## [Task description]
Look in the material below for the line with "b1 * b2 * (1" and the line with "b1 b2 <= N + 2 ->", then set down exactly those two lines and all lines between, nothing more.

-- Excerpted data follows --

(* Let $\mathcal{H}$ be a Hilbert space of dimension $d$ with $2\le d<\infty$ and let $\mathbf{W}=\{W_y:y\in Y\}$ be a unitary system on $\mathcal{H}$. (i) There is a unique maximal family $\mathcal{V}_{\mathbf{W}}=\{\mathbf{V}_\alpha:\alpha\in\Lambda\}$ of $\mathbf{W}$-MASS's such that $\mathbf{W}=\bigcup_{\alpha\in\Lambda}\mathbf{V}_\alpha$. If each $W_y$ in $\mathbf{W}$ has simple eigenvalues, then the $\mathbf{V}_\alpha$'s are mutually disjoint. (ii) Let $\mathbf{W}'$ be another unitary system on $\mathcal{H}$ and $\mathcal{V}_{\mathbf{W}'}=\{\mathbf{V}'_\beta:\beta\in\Lambda'\}$ the corresponding family of $\mathbf{W}'$-MASS's as in (i). Then for a unitary $V$ on $\mathcal{H}$, $\mathbf{W}$ is collectively unitarily equivalent to $\mathbf{W}'$ via $V$ if and only if there is a bijection $\alpha\mapsto\alpha'$ from $\Lambda$ onto $\Lambda'$ such that $\mathbf{V}_\alpha$ is collectively unitarily equivalent to $\mathbf{V}'_{\alpha'}$ via $V$ for every $\alpha\in\Lambda$.
   Context: A unitary system (US) on $\mathcal{H}$ is a nonempty set $\mathbf{W}=\{W_y:y\in Y\}$ of unitary operators on $\mathcal{H}$ with $\operatorname{tr}W_y=0$ and $\operatorname{tr}(W_x^*W_y)=d\,\delta_{xy}$ for $x,y\in Y$. An abelian unitary system (AUS) is a unitary system whose members pairwise commute. A maximal abelian subsystem of $\mathbf{W}$ ($\mathbf{W}$-MASS) is a subset of $\mathbf{W}$ which is an AUS and is maximal (under inclusion) with this property. For sets $\mathcal{F},\mathcal{G}$ of operators on $\mathcal{H}$ and a unitary $V$, $\mathcal{F}$ is collectively unitarily equivalent to $\mathcal{G}$ via $V$ if $\mathcal{G}=\{V^*AV: A\in\mathcal{F}\}$. *)

From HB Require Import structures.
From mathcomp Require Import all_boot all_order all_algebra.
From mathcomp Require Import boolp classical_sets.
Set Implicit Arguments. Unset Strict Implicit. Unset Printing Implicit Defensive.
Import Order.TTheory GRing.Theory Num.Theory.
Local Open Scope ring_scope.
Local Open Scope classical_set_scope.
(* Let $M>2$ be an integer, $\tau>0$, $p_{\max}>0$, and $\beta_1>\beta_2>0$. Define $$R^{\mathrm{mMIMO}}_{\max}=\tau\log_2\!\left(\frac{\left(\beta_1+\beta_2+p_{\max}\beta_1\beta_2(M-2)\right)^2}{4\beta_1\beta_2}\right)\ \text{ if } p_{\max}\ge\frac{\beta_1-\beta_2}{\beta_1\beta_2(M-2)},\qquad R^{\mathrm{mMIMO}}_{\max}=\tau\log_2\!\left(1+p_{\max}\beta_1(M-2)\right)\ \text{ otherwise},$$ and $R^{\mathrm{NOMA}}_{\max}=\tau\log_2\left(1+p_{\max}\beta_1M\right)$. Let $$M^*=2+\frac{\beta_1-\beta_2}{p_{\max}\beta_1\beta_2}+\frac{2\sqrt2}{\sqrt{p_{\max}\beta_2}}.$$ Then $R^{\mathrm{mMIMO}}_{\max}\ge R^{\mathrm{NOMA}}_{\max}$ for all $M\ge M^*$.
   Context: $R^{\mathrm{mMIMO}}_{\max}$ is the maximum two-user sum rate $\max\{\tau\log_2(1+(M-2)p_1\beta_1)+\tau\log_2(1+(M-2)p_2\beta_2): p_1,p_2\ge0,\ p_1+p_2\le p_{\max}\}$ of zero-forcing massive MIMO with perfect CSI, and $R^{\mathrm{NOMA}}_{\max}$ is the maximum two-user sum rate of the considered NOMA scheme (all power to the cell-center user). $\beta_1,\beta_2$ are the large-scale fading coefficients of the cell-center and cell-edge users, $M$ the number of base-station antennas, $p_{\max}$ the total normalized power, $\tau$ the fraction of the coherence interval used for data. *)

From Stdlib Require Import Reals Lra Lia.
Open Scope R_scope.

Definition log2 (x : R) : R := ln x / ln 2.

Definition R_mMIMO_max (tau pmax b1 b2 : R) (M : nat) : R :=
  if Rle_dec ((b1 - b2) / (b1 * b2 * (INR M - 2))) pmax
  then tau * log2 ((b1 + b2 + pmax * b1 * b2 * (INR M - 2)) ^ 2 / (4 * b1 * b2))
  else tau * log2 (1 + pmax * b1 * (INR M - 2)).

Definition R_NOMA_max (tau pmax b1 : R) (M : nat) : R :=
  tau * log2 (1 + pmax * b1 * INR M).

Definition Mstar (pmax b1 b2 : R) : R :=
  2 + (b1 - b2) / (pmax * b1 * b2) + 2 * sqrt 2 / sqrt (pmax * b2).

(** Write [N = M - 2], [a = pmax b1 b2] and [x = a N - (b1 - b2)].  Then
    [b1 + b2 + a N = x + 2 b1], and the arguments of the two logarithms satisfy
    [(b1 + b2 + a N)^2 - 4 b1 b2 (1 + pmax b1 M) = x^2 - 8 pmax b1^2 b2].
    Multiplying [M >= M^*] by [a] gives exactly [x >= b1 sqrt (8 pmax b2)],
    so the massive-MIMO SINR dominates; since [x >= 0] this also places us in
    the regime [pmax >= (b1 - b2) / (b1 b2 N)] of the closed form. *)

From Stdlib Require Import Reals Lra.
Open Scope R_scope.

Lemma log2_le x y : 0 < x -> x <= y -> log2 x <= log2 y.
Proof.
  intros hx [hxy | ->]; [| lra].
  unfold log2, Rdiv.
  assert (hln2 : 0 < ln 2) by (rewrite <- ln_1; apply ln_increasing; lra).
  apply Rmult_le_compat_r.
  - left; apply Rinv_0_lt_compat; exact hln2.
  - left; apply ln_increasing; assumption.
Qed.

Lemma mMIMO_NOMA_snr_gap pmax b1 b2 N :
  (b1 + b2 + pmax * b1 * b2 * N) ^ 2 - 4 * b1 * b2 * (1 + pmax * b1 * (N + 2))
  = (pmax * b1 * b2 * N - (b1 - b2)) ^ 2 - 8 * pmax * b1 ^ 2 * b2.
Proof. ring. Qed.

Lemma Mstar_margin pmax b1 b2 N :
  0 < pmax -> 0 < b1 -> 0 < b2 -> Mstar pmax b1 b2 <= N + 2 ->
  2 * sqrt 2 * b1 * sqrt (pmax * b2) <= pmax * b1 * b2 * N - (b1 - b2).
Proof.
  intros hp hb1 hb2 hN; unfold Mstar in hN.
  set (t := sqrt (pmax * b2)) in *.
  assert (ht : 0 < t) by (apply sqrt_lt_R0; nra).
  assert (htt : t * t = pmax * b2) by (apply sqrt_sqrt; nra).
  assert (ha : 0 < pmax * b1 * b2) by (repeat apply Rmult_lt_0_compat; assumption).
  assert (hscaled : pmax * b1 * b2 * ((b1 - b2) / (pmax * b1 * b2) + 2 * sqrt 2 / t)
                    <= pmax * b1 * b2 * N)
    by (apply Rmult_le_compat_l; lra).
  assert (ha_t : pmax * b1 * b2 = b1 * (t * t)) by (rewrite htt; ring).
  rewrite ha_t in hscaled |- *.
  replace (b1 * (t * t) * ((b1 - b2) / (b1 * (t * t)) + 2 * sqrt 2 / t))
    with (b1 - b2 + 2 * sqrt 2 * b1 * t) in hscaled by (field; lra).
  lra.
Qed.

Lemma NOMA_snr_le_mMIMO_snr pmax b1 b2 N :
  0 < pmax -> 0 < b1 -> 0 < b2 ->
  2 * sqrt 2 * b1 * sqrt (pmax * b2) <= pmax * b1 * b2 * N - (b1 - b2) ->
  1 + pmax * b1 * (N + 2) <= (b1 + b2 + pmax * b1 * b2 * N) ^ 2 / (4 * b1 * b2).
Proof.
  intros hp hb1 hb2 hmargin.
  assert (hb : 0 < 4 * b1 * b2) by nra.
  assert (hroot : 0 <= 2 * sqrt 2 * b1 * sqrt (pmax * b2)).
  { repeat apply Rmult_le_pos; try lra; apply sqrt_pos. }
  assert (hsq : (2 * sqrt 2 * b1 * sqrt (pmax * b2)) ^ 2 = 8 * pmax * b1 ^ 2 * b2).
  { replace ((2 * sqrt 2 * b1 * sqrt (pmax * b2)) ^ 2)
      with (4 * (sqrt 2 * sqrt 2) * b1 ^ 2 * (sqrt (pmax * b2) * sqrt (pmax * b2)))
      by ring.
    rewrite !sqrt_sqrt by nra; ring. }
  assert (hgap := mMIMO_NOMA_snr_gap pmax b1 b2 N).
  assert (hpow := pow_incr _ _ 2 (conj hroot hmargin)).
  apply (Rmult_le_reg_r (4 * b1 * b2)); [exact hb |].
  rewrite <- Rmult_div_swap, Rmult_div_l by lra.
  lra.
Qed.

Lemma mMIMO_high_power_regime pmax b1 b2 N :
  0 < b1 -> 0 < b2 -> 0 < N -> b1 - b2 <= pmax * b1 * b2 * N ->
  (b1 - b2) / (b1 * b2 * N) <= pmax.
Proof.
  intros hb1 hb2 hN hle.
  assert (hden : 0 < b1 * b2 * N) by (repeat apply Rmult_lt_0_compat; assumption).
  apply (Rmult_le_reg_r (b1 * b2 * N)); [exact hden |].
  rewrite <- Rmult_div_swap, Rmult_div_l by lra.
  lra.
Qed.

Theorem mainTheorem3 (tau pmax b1 b2 : R) (M : nat) :
  (2 < M)%nat -> 0 < tau -> 0 < pmax -> 0 < b2 -> b2 < b1 ->
  Mstar pmax b1 b2 <= INR M ->
  R_NOMA_max tau pmax b1 M <= R_mMIMO_max tau pmax b1 b2 M.
Proof.
  intros _ htau hp hb2 hb21 hM.
  assert (hb1 : 0 < b1) by lra.
  set (N := INR M - 2).
  replace (INR M) with (N + 2) in hM by (unfold N; ring).
  assert (hmargin := Mstar_margin pmax b1 b2 N hp hb1 hb2 hM).
  assert (hroot : 0 < 2 * sqrt 2 * b1 * sqrt (pmax * b2)).
  { repeat apply Rmult_lt_0_compat; try lra; apply sqrt_lt_R0; nra. }
  assert (ha : 0 < pmax * b1 * b2) by (repeat apply Rmult_lt_0_compat; assumption).
  assert (hN : 0 < N).
  { apply (Rmult_lt_reg_l (pmax * b1 * b2)); [exact ha |]. rewrite Rmult_0_r; lra. }
  unfold R_NOMA_max, R_mMIMO_max; fold N.
  replace (INR M) with (N + 2) by (unfold N; ring).
  destruct (Rle_dec ((b1 - b2) / (b1 * b2 * N)) pmax) as [_ | hlow].
  - apply Rmult_le_compat_l; [lra |].
    apply log2_le.
    + assert (0 < pmax * b1 * (N + 2)) by (repeat apply Rmult_lt_0_compat; lra). lra.
    + exact (NOMA_snr_le_mMIMO_snr pmax b1 b2 N hp hb1 hb2 hmargin).
  - exfalso; apply hlow, mMIMO_high_power_regime; lra.
Qed.
Lemma power_neq_lead_inv_mul (rh : {mpoly int[k.+1]}) (e : 'I_k.+1 -> K) n Y :
  e ord_max = 0 -> mmap intr e rh != 0 -> Y \in S -> phi rh ^+ n != lead_inv * Y.
Proof.
move=> e0 rh_e /integral_closureP [p p_monic pY0]; apply/eqP => rhE.
pose l := (size p).-1.
have sz_p : size p = l.+1 by rewrite prednK // lt0n size_poly_eq0 monic_neq0.
(* H(gens) = lead_inv^l p(Y) = 0, whereas H(e) = rh(e)^(n l) != 0. *)
pose H := \sum_(i < l.+1) p`_i * rh ^+ (n * i) * 'X_ord_max ^+ (l - i).
have : phi H = 0.
  have sz_pY : size (map_poly phi p) = size p.
    by apply: size_map_poly_id0; rewrite (monicP p_monic) rmorph1 oner_neq0.
  rewrite -(mulr0 (lead_inv ^+ l)) -(rootP pY0).
  rewrite (horner_coef_wide _ (eq_leq sz_pY)) sz_p.
  rewrite rmorph_sum mulr_sumr; apply: eq_bigr => i _.
  rewrite !rmorphM !rmorphXn /= coef_map /= mmapX mmap1U exprM rhE exprMn.
  have -> : lead_inv ^+ l = lead_inv ^+ (l - i) * lead_inv ^+ i.
    by rewrite -exprD subnK // -ltnS.
  by rewrite [gens _]/gens eqxx; ring.
move/gens_alg_indep/(mmap_coef_eq0 e).
rewrite rmorph_sum big_ord_recr /= big1 => [|i _].
  rewrite add0r subnn expr0 mulr1 !rmorphM !rmorphXn /=.
  have -> : p`_l = 1 by rewrite -(monicP p_monic) lead_coefE sz_p.
  by rewrite rmorph1 mul1r => /eqP; rewrite expf_eq0 (negbTE rh_e) andbF.
rewrite !rmorphM !rmorphXn /= mmapX mmap1U e0.
by rewrite expr0n subn_eq0 leqNgt ltn_ord /= mulr0.
Qed.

-- Excerpted data concluded --

## [Result of this exercise]
  (b1 + b2 + pmax * b1 * b2 * N) ^ 2 - 4 * b1 * b2 * (1 + pmax * b1 * (N + 2))
  = (pmax * b1 * b2 * N - (b1 - b2)) ^ 2 - 8 * pmax * b1 ^ 2 * b2.
Proof. ring. Qed.

Lemma Mstar_margin pmax b1 b2 N :
  0 < pmax -> 0 < b1 -> 0 < b2 -> Mstar pmax b1 b2 <= N + 2 ->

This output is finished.